_Try it_
Go through the entries below from the first line and output each one exactly, up to and including the line with "Definition trib_root (x".

-- Input data follows --

(* Let $\phi$ be the real root of $x^3=x^2+x+1$ and let $\phi_1$ be one of its two non-real roots. Define \[\psi_1=\frac{\phi_1^3+\phi_1^2}{\phi_1^2+2\phi_1+3},\qquad \zeta_1=\frac{\phi_1^3}{\phi_1^2+2\phi_1+3}.\] For integers $k,l$ put \[\alpha=\frac{k\phi^2+(k+l)\phi^3}{\phi^2+2\phi+3},\qquad \beta=\left|2(k\psi_1+l\zeta_1)\right|.\] Then for all integers $k,l$, $|\alpha|\le |k|+|l|$ and $\beta\ge \frac{|k|+|l|}{31}$.
   Context: The value of $\beta$ does not depend on which of the two complex-conjugate non-real roots is chosen as $\phi_1$. *)

From mathcomp Require Import all_boot all_order all_algebra all_field.
Set Implicit Arguments. Unset Strict Implicit. Unset Printing Implicit Defensive.
Import Order.TTheory GRing.Theory Num.Theory.
Local Open Scope ring_scope.

(* The complex numbers are modelled by algC (algebraic complex numbers);
   all quantities in the statement are algebraic. *)

Definition trib_root (x : algC) : Prop := x ^+ 3 = x ^+ 2 + x + 1.

Definition psi1 (p1 : algC) : algC := (p1 ^+ 3 + p1 ^+ 2) / (p1 ^+ 2 + 2 * p1 + 3).
Definition zeta1 (p1 : algC) : algC := p1 ^+ 3 / (p1 ^+ 2 + 2 * p1 + 3).

Definition alpha (p : algC) (k l : int) : algC :=
  (k%:~R * p ^+ 2 + (k + l)%:~R * p ^+ 3) / (p ^+ 2 + 2 * p + 3).

Definition beta (p1 : algC) (k l : int) : algC :=
  `|2 * (k%:~R * psi1 p1 + l%:~R * zeta1 p1)|.

From mathcomp Require Import all_boot all_order all_algebra all_field.
From mathcomp Require Import ring lra.
Set Implicit Arguments. Unset Strict Implicit. Unset Printing Implicit Defensive.
Import Order.TTheory GRing.Theory Num.Theory.
Local Open Scope ring_scope.

(* The real root satisfies 1.83 < phi < 1.84.  Then alpha = k a + l b with
   weights a, b in [0, 1].  For beta, Vieta's formulas give
   phi1 + phi1^* = 1 - phi and |phi1|^2 = phi^2 - phi - 1 (= 1/phi), which
   lies in [1/2, 1].  Since k psi1 + l zeta1 = phi1^2 ((k + l) phi1 + k) / D
   with D = phi1^2 + 2 phi1 + 3, and |(k + l) phi1 + k|^2 is a
   positive-definite quadratic form in (k, l) that is at least
   ((|k| + |l|) / 4)^2, while 0 < |D| <= 6, we get
   beta >= 2 (1/2) ((|k| + |l|) / 4) / 6 = (|k| + |l|) / 24. *)

Section RealTribonacciRoot.
Variables (R : realFieldType) (F : R).
Hypothesis F_root : F ^+ 3 = F ^+ 2 + F + 1.

Lemma trib_root_sub_mul (a : R) :
  (F - a) * (F ^+ 2 + (a - 1) * F + (a ^+ 2 - a - 1)) = a ^+ 2 + a + 1 - a ^+ 3.
Proof.
by transitivity (F ^+ 3 - (F ^+ 2 + F + 1) + (a ^+ 2 + a + 1 - a ^+ 3));
  [ring | rewrite F_root subrr add0r].
Qed.

Lemma trib_quot_gt0 (a : R) : 5 / 3 < a -> 0 < F ^+ 2 + (a - 1) * F + (a ^+ 2 - a - 1).
Proof. by move=> a_gt; have := sqr_ge0 (F + (a - 1) / 2); nra. Qed.

Lemma trib_root_gtE (a : R) : 5 / 3 < a -> (a < F) = (a ^+ 3 < a ^+ 2 + a + 1).
Proof.
move=> /trib_quot_gt0 q_gt0.
by rewrite -subr_gt0 -(pmulr_lgt0 _ q_gt0) trib_root_sub_mul subr_gt0.
Qed.

Lemma trib_root_ltE (a : R) : 5 / 3 < a -> (F < a) = (a ^+ 2 + a + 1 < a ^+ 3).
Proof.
move=> /trib_quot_gt0 q_gt0.
by rewrite -subr_lt0 -(pmulr_llt0 _ q_gt0) trib_root_sub_mul subr_lt0.
Qed.

Lemma trib_real_root_bounds : 183 / 100 < F < 184 / 100.
Proof. by rewrite trib_root_gtE ?trib_root_ltE //; lra. Qed.

Lemma trib_alpha_weights_le1 :
  `|(F ^+ 2 + F ^+ 3) / (F ^+ 2 + 2 * F + 3)| <= 1 /\ `|F ^+ 3 / (F ^+ 2 + 2 * F + 3)| <= 1.
Proof.
have /andP[F_gt F_lt] := trib_real_root_bounds.
have F_gt0 : 0 < F by lra.
have D_gt0 : 0 < F ^+ 2 + 2 * F + 3 by nra.
rewrite !normf_div !(gtr0_norm D_gt0) !ler_pdivrMr // !mul1r !gtr0_norm ?addr_gt0 ?exprn_gt0 //.
by split; nra.
Qed.

(* With phi1 a non-real root, [F ^+ 2 - F - 1] and [1 - F] are the values of
   phi1 * phi1^* and phi1 + phi1^*. *)
Lemma trib_conj_norm_bounds : 1 / 2 <= F ^+ 2 - F - 1 <= 1.
Proof. by have /andP[F_gt F_lt] := trib_real_root_bounds; apply/andP; split; nra. Qed.

Lemma trib_conj_form_lower_bound (K L : R) :
  ((`|K| + `|L|) / 4) ^+ 2 <= (K + L) ^+ 2 * (F ^+ 2 - F - 1) + (K + L) * K * (1 - F) + K ^+ 2.
Proof.
have /andP[F_gt F_lt] := trib_real_root_bounds.
have normKL : (`|K| + `|L|) ^+ 2 <= 2 * (K ^+ 2 + L ^+ 2).
  rewrite -(real_normK (num_real K)) -(real_normK (num_real L)).
  by have := sqr_ge0 (`|K| - `|L|); nra.
have cross : 0 <= (2 * F ^+ 2 - 3 * F - 1) * (K + L) ^+ 2.
  by apply: mulr_ge0; [nra | exact: sqr_ge0].
have K2_ge0 := sqr_ge0 K; have L2_ge0 := sqr_ge0 L.
nra.
Qed.

End RealTribonacciRoot.

Lemma ler_norm_combination (R : numDomainType) (x y a b : R) :
  `|a| <= 1 -> `|b| <= 1 -> `|x * a + y * b| <= `|x| + `|y|.
Proof.
move=> a_le1 b_le1; apply: le_trans (ler_normD _ _) _.
by rewrite !normrM lerD // ler_piMr.
Qed.

Lemma norm_trib_den_le (R : numDomainType) (z : R) : `|z| <= 1 -> `|z ^+ 2 + 2 * z + 3| <= 6.
Proof.
move=> z_le1; have z_ge0 := normr_ge0 z.
have z2_le1 : `|z| ^+ 2 <= 1 by rewrite exprn_ile1.
have z_le2 : `|2 * z| <= 2 by rewrite normrM ger0_norm // ler_piMr.
apply: le_trans (ler_normD _ _) _; rewrite (ger0_norm (ler0n _ 3)).
apply: le_trans (lerD (ler_normD _ _) (lexx _)) _.
rewrite normrX; apply: le_trans (lerD (lerD z2_le1 z_le2) (lexx 3)) _.
by have -> : 1 + 2 + 3 = 6 :> R by ring.
Qed.

Section TribonacciRoots.
Variable R : numDomainType.
Implicit Types x y : R.

Lemma trib_roots_sym x y : x != y -> x ^+ 3 = x ^+ 2 + x + 1 -> y ^+ 3 = y ^+ 2 + y + 1 ->
  x ^+ 2 + x * y + y ^+ 2 = x + y + 1.
Proof.
move=> xy x_root y_root.
have : (x - y) * (x ^+ 2 + x * y + y ^+ 2 - (x + y + 1)) = 0.
  transitivity ((x ^+ 3 - (x ^+ 2 + x + 1)) - (y ^+ 3 - (y ^+ 2 + y + 1))); first ring.
  by rewrite x_root y_root !subrr.
by move/eqP; rewrite mulf_eq0 !subr_eq0 (negPf xy) => /eqP.
Qed.

Lemma trib_den_neq0 x : x ^+ 3 = x ^+ 2 + x + 1 -> x ^+ 2 + 2 * x + 3 != 0.
Proof.
move=> x_root; apply/eqP => den0.
have : 22 = 0 :> R.
  transitivity ((x ^+ 2 - 5 * x + 8) * (x ^+ 2 + 2 * x + 3)
                - (x - 2) * (x ^+ 3 - (x ^+ 2 + x + 1))); first ring.
  by rewrite den0 x_root subrr !mulr0 subr0.
by move/eqP; rewrite pnatr_eq0.
Qed.

End TribonacciRoots.

Lemma normCK_linear (C : numClosedFieldType) (a b z : C) :
  a \is Num.real -> b \is Num.real ->
  `|a * z + b| ^+ 2 = a ^+ 2 * (z * z^*) + a * b * (z + z^*) + b ^+ 2.
Proof.
by move=> aR bR; rewrite normCK rmorphD rmorphM /= (conj_Creal aR) (conj_Creal bR); ring.
Qed.

Section ConjugateTribonacciRoots.
Variables (C : numClosedFieldType) (phi z : C).
Hypotheses (phi_root : phi ^+ 3 = phi ^+ 2 + phi + 1) (phi_real : phi \is Num.real).
Hypotheses (z_root : z ^+ 3 = z ^+ 2 + z + 1) (z_nonreal : z \isn't Num.real).

Let conj_root : z^* ^+ 3 = z^* ^+ 2 + z^* + 1.
Proof. by rewrite -rmorphXn z_root !rmorphD rmorphXn rmorph1. Qed.

Let conj_nonreal : z^* \isn't Num.real.
Proof. by rewrite CrealE conjCK eq_sym -CrealE. Qed.

Let z_neq_conj : z != z^*.
Proof. by apply: contraNneq z_nonreal => zw; rewrite CrealE -zw. Qed.

Lemma trib_conj_add : z + z^* = 1 - phi.
Proof.
have phi_z : phi != z by apply: contraNneq z_nonreal => <-.
have phi_w : phi != z^* by apply: contraNneq conj_nonreal => <-.
have : (z - z^*) * (z + z^* - (1 - phi)) = 0.
  transitivity ((phi ^+ 2 + phi * z + z ^+ 2 - (phi + z + 1))
                - (phi ^+ 2 + phi * z^* + z^* ^+ 2 - (phi + z^* + 1))); first ring.
  by rewrite !trib_roots_sym // !subrr.
by move/eqP; rewrite mulf_eq0 !subr_eq0 (negPf z_neq_conj) => /eqP.
Qed.

Lemma trib_conj_mul : z * z^* = phi ^+ 2 - phi - 1.
Proof.
transitivity ((z + z^*) ^+ 2 - (z + z^*) - 1
              - (z ^+ 2 + z * z^* + z^* ^+ 2 - (z + z^* + 1))); first ring.
by rewrite trib_roots_sym // subrr subr0 trib_conj_add; ring.
Qed.

End ConjugateTribonacciRoots.

Lemma alphaE (p : algC) (k l : int) :
  alpha p k l = k%:~R * ((p ^+ 2 + p ^+ 3) / (p ^+ 2 + 2 * p + 3))
              + l%:~R * (p ^+ 3 / (p ^+ 2 + 2 * p + 3)).
Proof. by rewrite /alpha intrD; ring. Qed.

Lemma betaE (z : algC) (k l : int) :
  beta z k l = 2 * (`|z| ^+ 2 * `|(k + l)%:~R * z + k%:~R| / `|z ^+ 2 + 2 * z + 3|).
Proof.
rewrite /beta /psi1 /zeta1 normrM (ger0_norm (ler0n _ 2)) -normrX -normrM -normf_div.
by congr (_ * `|_|); rewrite intrD; ring.
Qed.

(* The real-field lemmas are applied in [algR] to [in_algR] lifts of real
   algebraic numbers; their conclusions are convertible to statements in
   [algC]. *)
Lemma norm_alpha_le (phi : algC) (k l : int) : trib_root phi -> phi \is Num.real ->
  `|alpha phi k l| <= (`|k| + `|l|)%:~R.
Proof.
move=> phi_root phi_real; pose F := in_algR phi_real.
have F_root : F ^+ 3 = F ^+ 2 + F + 1 by apply: val_inj.
have [a_le1 b_le1] := trib_alpha_weights_le1 F_root.
by rewrite alphaE intrD !intr_norm ler_norm_combination.
Qed.

Lemma beta_ge (phi z : algC) (k l : int) : trib_root phi -> phi \is Num.real ->
  trib_root z -> z \isn't Num.real -> (`|k| + `|l|)%:~R / 24 <= beta z k l.
Proof.
move=> phi_root phi_real z_root z_nonreal; pose F := in_algR phi_real.
have F_root : F ^+ 3 = F ^+ 2 + F + 1 by apply: val_inj.
have conj_add := trib_conj_add phi_root phi_real z_root z_nonreal.
have conj_mul := trib_conj_mul phi_root phi_real z_root z_nonreal.
have /andP[z2_ge z2_le1] : 1 / 2 <= `|z| ^+ 2 <= 1.
  by rewrite normCK conj_mul; exact: (trib_conj_norm_bounds F_root).
have z_le1 : `|z| <= 1 by rewrite -(ler_sqr (normr_ge0 z)) ?nnegrE // expr1n.
set A : algC := (`|k| + `|l|)%:~R.
have A_ge0 : 0 <= A by rewrite ler0z addr_ge0.
have N_ge : A / 4 <= `|(k + l)%:~R * z + k%:~R|.
  rewrite -ler_sqr ?nnegrE ?divr_ge0 // normCK_linear ?realz //.
  rewrite conj_add conj_mul /A !intrD !intr_norm.
  exact: (trib_conj_form_lower_bound F_root (in_algR (realz _ k)) (in_algR (realz _ l))).
have D_gt0 : 0 < `|z ^+ 2 + 2 * z + 3| by rewrite normr_gt0 trib_den_neq0.
have D_le6 : `|z ^+ 2 + 2 * z + 3| <= 6 := norm_trib_den_le z_le1.
rewrite betaE mulrA ler_pdivlMr //.
apply: le_trans (_ : A / 24 * 6 <= _); first by rewrite ler_wpM2l ?divr_ge0.
have -> : A / 24 * 6 = 2 * (1 / 2 * (A / 4)) by field.
by rewrite ler_wpM2l // ler_pM ?divr_ge0.
Qed.

Theorem lemma2 (phi phi1 : algC) :
  trib_root phi -> phi \is Num.real ->
  trib_root phi1 -> phi1 \isn't Num.real ->
  forall k l : int,
    `|alpha phi k l| <= (`|k| + `|l|)%:~R /\
    beta phi1 k l >= (`|k| + `|l|)%:~R / 31.
Proof.
move=> phi_root phi_real z_root z_nonreal k l; split; first exact: norm_alpha_le.
apply: le_trans (beta_ge k l phi_root phi_real z_root z_nonreal).
by rewrite ler_wpM2l ?ler0z ?addr_ge0 // lef_pV2 ?ler_nat ?posrE.
Qed.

-- Input data concluded --

_Task result_
(* Let $\phi$ be the real root of $x^3=x^2+x+1$ and let $\phi_1$ be one of its two non-real roots. Define \[\psi_1=\frac{\phi_1^3+\phi_1^2}{\phi_1^2+2\phi_1+3},\qquad \zeta_1=\frac{\phi_1^3}{\phi_1^2+2\phi_1+3}.\] For integers $k,l$ put \[\alpha=\frac{k\phi^2+(k+l)\phi^3}{\phi^2+2\phi+3},\qquad \beta=\left|2(k\psi_1+l\zeta_1)\right|.\] Then for all integers $k,l$, $|\alpha|\le |k|+|l|$ and $\beta\ge \frac{|k|+|l|}{31}$.
   Context: The value of $\beta$ does not depend on which of the two complex-conjugate non-real roots is chosen as $\phi_1$. *)

From mathcomp Require Import all_boot all_order all_algebra all_field.
Set Implicit Arguments. Unset Strict Implicit. Unset Printing Implicit Defensive.
Import Order.TTheory GRing.Theory Num.Theory.
Local Open Scope ring_scope.

(* The complex numbers are modelled by algC (algebraic complex numbers);
   all quantities in the statement are algebraic. *)

Definition trib_root (x : algC) : Prop := x ^+ 3 = x ^+ 2 + x + 1.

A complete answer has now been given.